Although the hierarchical ABC model employed in msBayes was extensively evaluated in [10], the behavior of the ABC estimator given minimal sampling of individuals was not examined. Because comparative phylogeographic studies are often conducted on multispecies data sets that include rare taxa from which it is difficult to obtain samples from many individuals, we evaluate how low sample sizes can affect inference. To this end, we explored the performance in scenarios where ≤ 5 per population pair were sampled from each of 10 population pairs. We created 1,000 simulated data sets under each of two different histories: (1) simultaneous divergence history and (2) variable divergence history among population pairs. In the simultaneous divergence history (true Ω = Var(τ)/E(τ) = 0), all ten population pairs arose from ancestral populations at τ = 1.8 before the present. In the variable divergence history (true Ω = 0.1), two population pairs arose at τ = 1.0 and eight population pairs arose at τ = 2.0 before the present. We simulated these two histories with small sample sizes (2–5 individual per populationpair) and with larger sample sizes (20 individuals per population pair; 10 per descendent population). The simulated data sets consisted of haploid mtDNA samples from ten population pairs that were 550–600 base pairs in length. From each of the four sets of 1,000 simulated data sets, we used msBayes to obtain 1,000 ABC estimates of the hyperparameter, Ω, with the goal of assessing the effects of sample sizes on the root mean square error (RMSE) of the ABC Ω estimator. Each estimate of Ω was obtained from the mode of 1,000 accepted draws (after the local regression step) from 500,000 random draws from the hyperprior, as these conditions were found to be optimal in [10]. For the larger sample sizes we use four classes of summary statistics (π, θ_{ W }, Var(π  θ_{ W }) and π_{ net }), while for the smaller sample sizes we only use π_{ b }to avoid null or n.a.n. values (not a number) that are yielded when only one sample is collected from a descendent population.

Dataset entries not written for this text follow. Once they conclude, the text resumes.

(* Let $t\geq 3$, $E_t=\{1,\ldots,t\}$, and let $A$ be a nonempty subset of $E_t$, written as a disjoint union of intervals of integers $A=[i_1,j_1]\,\dot\cup\,[i_2,j_2]\,\dot\cup\cdots\dot\cup\,[i_\varrho,j_\varrho]$ with $i_k\le j_k$ and $j_k+2\le i_{k+1}$ for $1\le k\le\varrho-1$. Let $T:={}_{-A}\mathrm{T}^{(+)}\in\{1,-1\}^t$ be the vector with $T(e)=-1$ for $e\in A$ and $T(e)=1$ otherwise. Then: (i) If $\{1,t\}\cap A=\{1\}$ (so $i_1=1$), then $\mathfrak{q}(T)=2\varrho-1$, $\boldsymbol{x}(T)=\sum_{k=1}^{\varrho}\boldsymbol{\sigma}(j_k+1)-\sum_{\ell=2}^{\varrho}\boldsymbol{\sigma}(i_\ell)$; moreover $\mathfrak{q}(\mathrm{ro}(T))=2\varrho-1$, $\boldsymbol{x}(\mathrm{ro}(T))=\sum_{k=1}^{\varrho}\boldsymbol{\sigma}(t-j_k+1)-\sum_{\ell=2}^{\varrho}\boldsymbol{\sigma}(t-i_\ell+2)$, and $\boldsymbol{x}(\mathrm{ro}(T))=\boldsymbol{x}(T)\,\overline{\mathbf{U}}(t)\,\overline{\mathbf{T}}(t)$. (ii) If $\{1,t\}\cap A=\{1,t\}$ (so $i_1=1$, $j_\varrho=t$), then $\mathfrak{q}(T)=2\varrho-1$, $\boldsymbol{x}(T)=-\boldsymbol{\sigma}(1)+\sum_{k=1}^{\varrho-1}\boldsymbol{\sigma}(j_k+1)-\sum_{\ell=2}^{\varrho}\boldsymbol{\sigma}(i_\ell)$; moreover $\mathfrak{q}(\mathrm{ro}(T))=2\varrho-1$, $\boldsymbol{x}(\mathrm{ro}(T))=\boldsymbol{\sigma}(1)+\sum_{k=1}^{\varrho-1}\boldsymbol{\sigma}(t-j_k+1)-\sum_{\ell=2}^{\varrho}\boldsymbol{\sigma}(t-i_\ell+2)$, and $\boldsymbol{x}(\mathrm{ro}(T))=\boldsymbol{\sigma}(1)+\boldsymbol{x}(T)\,\overline{\mathbf{U}}(t)\,\overline{\mathbf{T}}(t)$. (iii) If $\{1,t\}\cap A=\emptyset$, then $\mathfrak{q}(T)=2\varrho+1$, $\boldsymbol{x}(T)=\boldsymbol{\sigma}(1)+\sum_{k=1}^{\varrho}\boldsymbol{\sigma}(j_k+1)-\sum_{\ell=1}^{\varrho}\boldsymbol{\sigma}(i_\ell)$; moreover $\mathfrak{q}(\mathrm{ro}(T))=2\varrho+1$, $\boldsymbol{x}(\mathrm{ro}(T))=-\boldsymbol{\sigma}(1)+\sum_{k=1}^{\varrho}\boldsymbol{\sigma}(t-j_k+1)-\sum_{\ell=1}^{\varrho}\boldsymbol{\sigma}(t-i_\ell+2)$, and $\boldsymbol{x}(\mathrm{ro}(T))=-\boldsymbol{\sigma}(1)+\boldsymbol{x}(T)\,\overline{\mathbf{U}}(t)\,\overline{\mathbf{T}}(t)$. (iv) If $\{1,t\}\cap A=\{t\}$ (so $j_\varrho=t$), then $\mathfrak{q}(T)=2\varrho-1$, $\boldsymbol{x}(T)=\sum_{k=1}^{\varrho-1}\boldsymbol{\sigma}(j_k+1)-\sum_{\ell=1}^{\varrho}\boldsymbol{\sigma}(i_\ell)$; moreover $\mathfrak{q}(\mathrm{ro}(T))=2\varrho-1$, $\boldsymbol{x}(\mathrm{ro}(T))=\sum_{k=1}^{\varrho-1}\boldsymbol{\sigma}(t-j_k+1)-\sum_{\ell=1}^{\varrho}\boldsymbol{\sigma}(t-i_\ell+2)$, and $\boldsymbol{x}(\mathrm{ro}(T))=\boldsymbol{x}(T)\,\overline{\mathbf{U}}(t)\,\overline{\mathbf{T}}(t)$.
   Context: Vectors are row vectors in $\mathbb{R}^t$; $\boldsymbol{\sigma}(e)$ is the $e$-th standard unit vector, $\mathrm{T}^{(+)}=(1,\ldots,1)$. For $S\subseteq E_t$, ${}_{-S}\mathrm{T}^{(+)}$ denotes the vector with entries $-1$ on $S$ and $1$ elsewhere. Define $R^0:=\mathrm{T}^{(+)}$ and $R^s:={}_{-[s]}\mathrm{T}^{(+)}$ for $1\le s\le t-1$, where $[s]=\{1,\ldots,s\}$ (these form the first half of a symmetric cycle $R^0,\ldots,R^{2t-1}$ in the hypercube graph on $\{1,-1\}^t$, with $R^{t+k}=-R^k$). The vectors $R^0,\ldots,R^{t-1}$ form a basis of $\mathbb{R}^t$; for $T\in\{1,-1\}^t$, $\boldsymbol{x}(T)=(x_1,\ldots,x_t)$ denotes the unique vector (it lies in $\{-1,0,1\}^t$) with $T=\sum_{i=1}^t x_iR^{i-1}$, and $\mathfrak{q}(T)$ denotes the number of nonzero entries of $\boldsymbol{x}(T)$ (equivalently the cardinality of the unique inclusion-minimal subset of $\{R^0,\ldots,R^{2t-1}\}$ summing to $T$). $\overline{\mathbf{U}}(t)$ is the $t\times t$ backward identity matrix, with $(i,j)$ entry $\delta_{i+j,t+1}$; $\overline{\mathbf{T}}(t)$ is the $t\times t$ forward shift matrix, with $(i,j)$ entry $\delta_{j-i,1}$. The relabeled opposite of $T$ is $\mathrm{ro}(T):=-T\,\overline{\mathbf{U}}(t)$, i.e. $\mathrm{ro}(T)(e)=-T(t-e+1)$. *)

(* Vectors in R^t are row vectors 'rV[R]_t over an arbitrary
   real field R (covers the reals).  Coordinates e in E_t = {1..t} correspond
   to ordinals j : 'I_t with e = j.+1. *)
From HB Require Import structures.
From mathcomp Require Import all_boot all_order all_algebra.
Set Implicit Arguments. Unset Strict Implicit. Unset Printing Implicit Defensive.
Import Order.TTheory GRing.Theory Num.Theory.
Local Open Scope ring_scope.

The simulation analysis demonstrated that msBayes can usually distinguish simultaneous divergence from temporal incongruence in divergence, even with sparse sampling of individuals. The estimates of Ω were not markedly improved by sampling 20 individuals per population pair (10 each population) when compared to sampling 2–5 individuals per population pair (1–3 each population; Figure. 3). However, Ω is being overestimated under both sample sizes and this upward bias is stronger with larger sample sizes when true Ω = 1. Therefore, simultaneous divergence is easier to correctly reject with larger sample sizes. Root mean square error (RMSE) for estimating Ω was < 0.12 when the true history was simultaneous divergence (Ω = 0), and RMSE was < 0.18 when the true history involved 2 different divergence events across 10 population pairs (Ω = 0.1). It is encouraging that one can obtain fair estimates with so few samples per population pair and that two samples per population pair can be analyzed by msBayes.

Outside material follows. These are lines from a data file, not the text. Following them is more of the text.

Lemma Un_cv_const (c : R) : Un_cv (fun _ => c) c.
Proof.
  intros eps Heps. exists 0%nat. intros n _.
  unfold Rdist. rewrite Rminus_diag, Rabs_R0. exact Heps.
Qed.

Lemma Un_cv_ge_lim (u : nat -> R) (l c : R) : (forall n, c <= u n) -> Un_cv u l -> c <= l.
Proof. intros Hc Hu. exact (Rle_cv_lim Hc (Un_cv_const c) Hu). Qed.

Lemma Un_cv_le_lim (u : nat -> R) (l c : R) : (forall n, u n <= c) -> Un_cv u l -> l <= c.
Proof. intros Hc Hu. exact (Rle_cv_lim Hc Hu (Un_cv_const c)). Qed.

Lemma frac_IZR_plus (z : Z) (r : R) : 0 <= r < 1 -> frac (IZR z + r) = r.
Proof. intros Hr. unfold frac. rewrite <- (Int_part_spec (IZR z + r) z) by lra. ring. Qed.

Lemma frac_id (r : R) : 0 <= r < 1 -> frac r = r.
Proof. intros Hr. rewrite <- (Rplus_0_l r) at 1. exact (frac_IZR_plus 0 r Hr). Qed.

Lemma frac_range (r : R) : 0 <= frac r < 1.
Proof. unfold frac. destruct (base_Int_part r). lra. Qed.

Lemma div_le_inv_sub (e t P Q : R) :
  0 < P -> 0 < Q -> e <= Q - t -> e / (P * Q) <= 1 / P - t / (P * Q).
Proof.
  intros HP HQ He.
  replace (1 / P - t / (P * Q)) with ((Q - t) / (P * Q)) by (field; lra).
  apply Rmult_le_compat_r; [|exact He].
  left. apply Rinv_0_lt_compat, Rmult_lt_0_compat; assumption.
Qed.

Definition cantor_partial (q : nat -> nat) (E : nat -> Z) (N : nat) : R :=
  IZR (E 0%nat) + sum_upto (fun n => IZR (E (S n)) / qprod q (S n)) N.

Definition cantor_tail (q : nat -> nat) (E : nat -> Z) (x : R) (n : nat) : R :=
  qprod q n * (x - cantor_partial q E n).

Lemma cantor_partial_S (q : nat -> nat) (E : nat -> Z) (n : nat) :
  cantor_partial q E (S n) = cantor_partial q E n + IZR (E (S n)) / qprod q (S n).
Proof. unfold cantor_partial. simpl. ring. Qed.

Section CantorPartialSums.

Variable q : nat -> nat.
Hypothesis q_basic : basic_seq q.

Lemma INR_q_ge2 (n : nat) : 2 <= INR (q (S n)).
Proof.
  assert (H := le_INR _ _ (q_basic (S n) ltac:(lia))). simpl in H. lra.
Qed.

Lemma qprod_pos (n : nat) : 0 < qprod q n.
Proof.
  induction n as [|n IH]; simpl; [lra|].
  apply Rmult_lt_0_compat; [exact IH|]. assert (H := INR_q_ge2 n). lra.
Qed.

Variable E : nat -> Z.

Lemma qprod_cantor_partial_integer (n : nat) :
  exists z, qprod q n * cantor_partial q E n = IZR z.
Proof.
  induction n as [|n [z Hz]].
  - exists (E 0%nat). unfold cantor_partial. simpl. ring.
  - exists (Z.of_nat (q (S n)) * z + E (S n))%Z.
    rewrite cantor_partial_S, plus_IZR, mult_IZR, <- INR_IZR_INZ, <- Hz.
    assert (Hp := qprod_pos n). assert (Hq := INR_q_ge2 n).
    simpl qprod. field. lra.
Qed.

Lemma cantor_tail_S (x : R) (n : nat) :
  cantor_tail q E x n = (IZR (E (S n)) + cantor_tail q E x (S n)) / INR (q (S n)).
Proof.
  unfold cantor_tail. rewrite cantor_partial_S.
  assert (Hp := qprod_pos n). assert (Hq := INR_q_ge2 n).
  simpl qprod. field. lra.
Qed.

Lemma digit_term_le (n : nat) (t : R) :
  IZR (E (S n)) <= INR (q (S n)) - t ->
  IZR (E (S n)) / qprod q (S n) <= 1 / qprod q n - t / qprod q (S n).
Proof.
  intros Ht. simpl qprod.
  apply div_le_inv_sub; [apply qprod_pos | assert (H := INR_q_ge2 n); lra | exact Ht].
Qed.

Hypothesis digits : forall n, (1 <= n)%nat -> (0 <= E n < Z.of_nat (q n))%Z.

Lemma cantor_partial_increment (n j : nat) :
  0 <= cantor_partial q E (n + j) - cantor_partial q E n
    <= 1 / qprod q n - 1 / qprod q (n + j).
Proof.
  induction j as [|j IH].
  - rewrite Nat.add_0_r. lra.
  - rewrite Nat.add_succ_r, cantor_partial_S.
    destruct (digits (S (n + j)) ltac:(lia)) as [Hlo Hhi].
    assert (Hle : IZR (E (S (n + j))) <= INR (q (S (n + j))) - 1).
    { rewrite INR_IZR_INZ, <- minus_IZR. apply IZR_le. lia. }
    assert (Hterm := digit_term_le (n + j) 1 Hle).
    assert (Hnonneg : 0 <= IZR (E (S (n + j))) / qprod q (S (n + j))).
    { apply Rle_mult_inv_pos; [apply IZR_le; exact Hlo | apply qprod_pos]. }
    lra.
Qed.

End CantorPartialSums.

Section CantorTail.

Variable q : nat -> nat.
Hypothesis q_basic : basic_seq q.
Variables (E : nat -> Z) (x : R).
Hypothesis x_expansion : cantor_expansion q x E.

Let digits : forall n, (1 <= n)%nat -> (0 <= E n < Z.of_nat (q n))%Z :=
  proj1 (proj2 x_expansion).

Lemma cantor_partial_cv : Un_cv (cantor_partial q E) x.
Proof.
  pose proof x_expansion as (_ & _ & _ & Hcv).
  refine (Un_cv_ext_S _ _ _ _ Hcv). intro n.
  unfold cantor_partial. rewrite sum_f_1_sum_upto by lia. reflexivity.
Qed.

Lemma cantor_partial_le (n : nat) : cantor_partial q E n <= x.
Proof.
  apply (Un_cv_ge_lim (fun j => cantor_partial q E (j + n))).
  - intro j. rewrite Nat.add_comm.
    destruct (cantor_partial_increment q q_basic E digits n j). lra.
  - exact (CV_shift' _ n x cantor_partial_cv).
Qed.

Lemma le_cantor_partial_add (n : nat) : x <= cantor_partial q E n + 1 / qprod q n.
Proof.
  apply (Un_cv_le_lim (fun j => cantor_partial q E (j + n))).
  - intro j. rewrite Nat.add_comm.
    destruct (cantor_partial_increment q q_basic E digits n j).
    assert (0 < 1 / qprod q (n + j))
      by (apply Rdiv_lt_0_compat; [lra | apply qprod_pos; exact q_basic]).
    lra.
  - exact (CV_shift' _ n x cantor_partial_cv).
Qed.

An attractive benefit of an ABC method such as msBayes is that one can perform this estimator evaluation relatively quickly. Simulating data from parameters drawn from the prior is only done once per set of conditions (sample size/history) and can be done in approximately 5 hours per population pair on a 2 GHz linux computer. The computational time can be further reduced as the simulations can be run parallel on multiple processors. Because the acceptance/rejection step is decoupled from simulating the prior, multiple estimates from a series of simulated datasets can be accomplished without resimulating the prior each time. The acceptance/rejection step for a single estimate is accomplished in one second to well under a minute such that 1,000 estimates can be obtained from 1,000 data sets simulated from fixed known parameter values in under an hour to within 24 hours on a single processor.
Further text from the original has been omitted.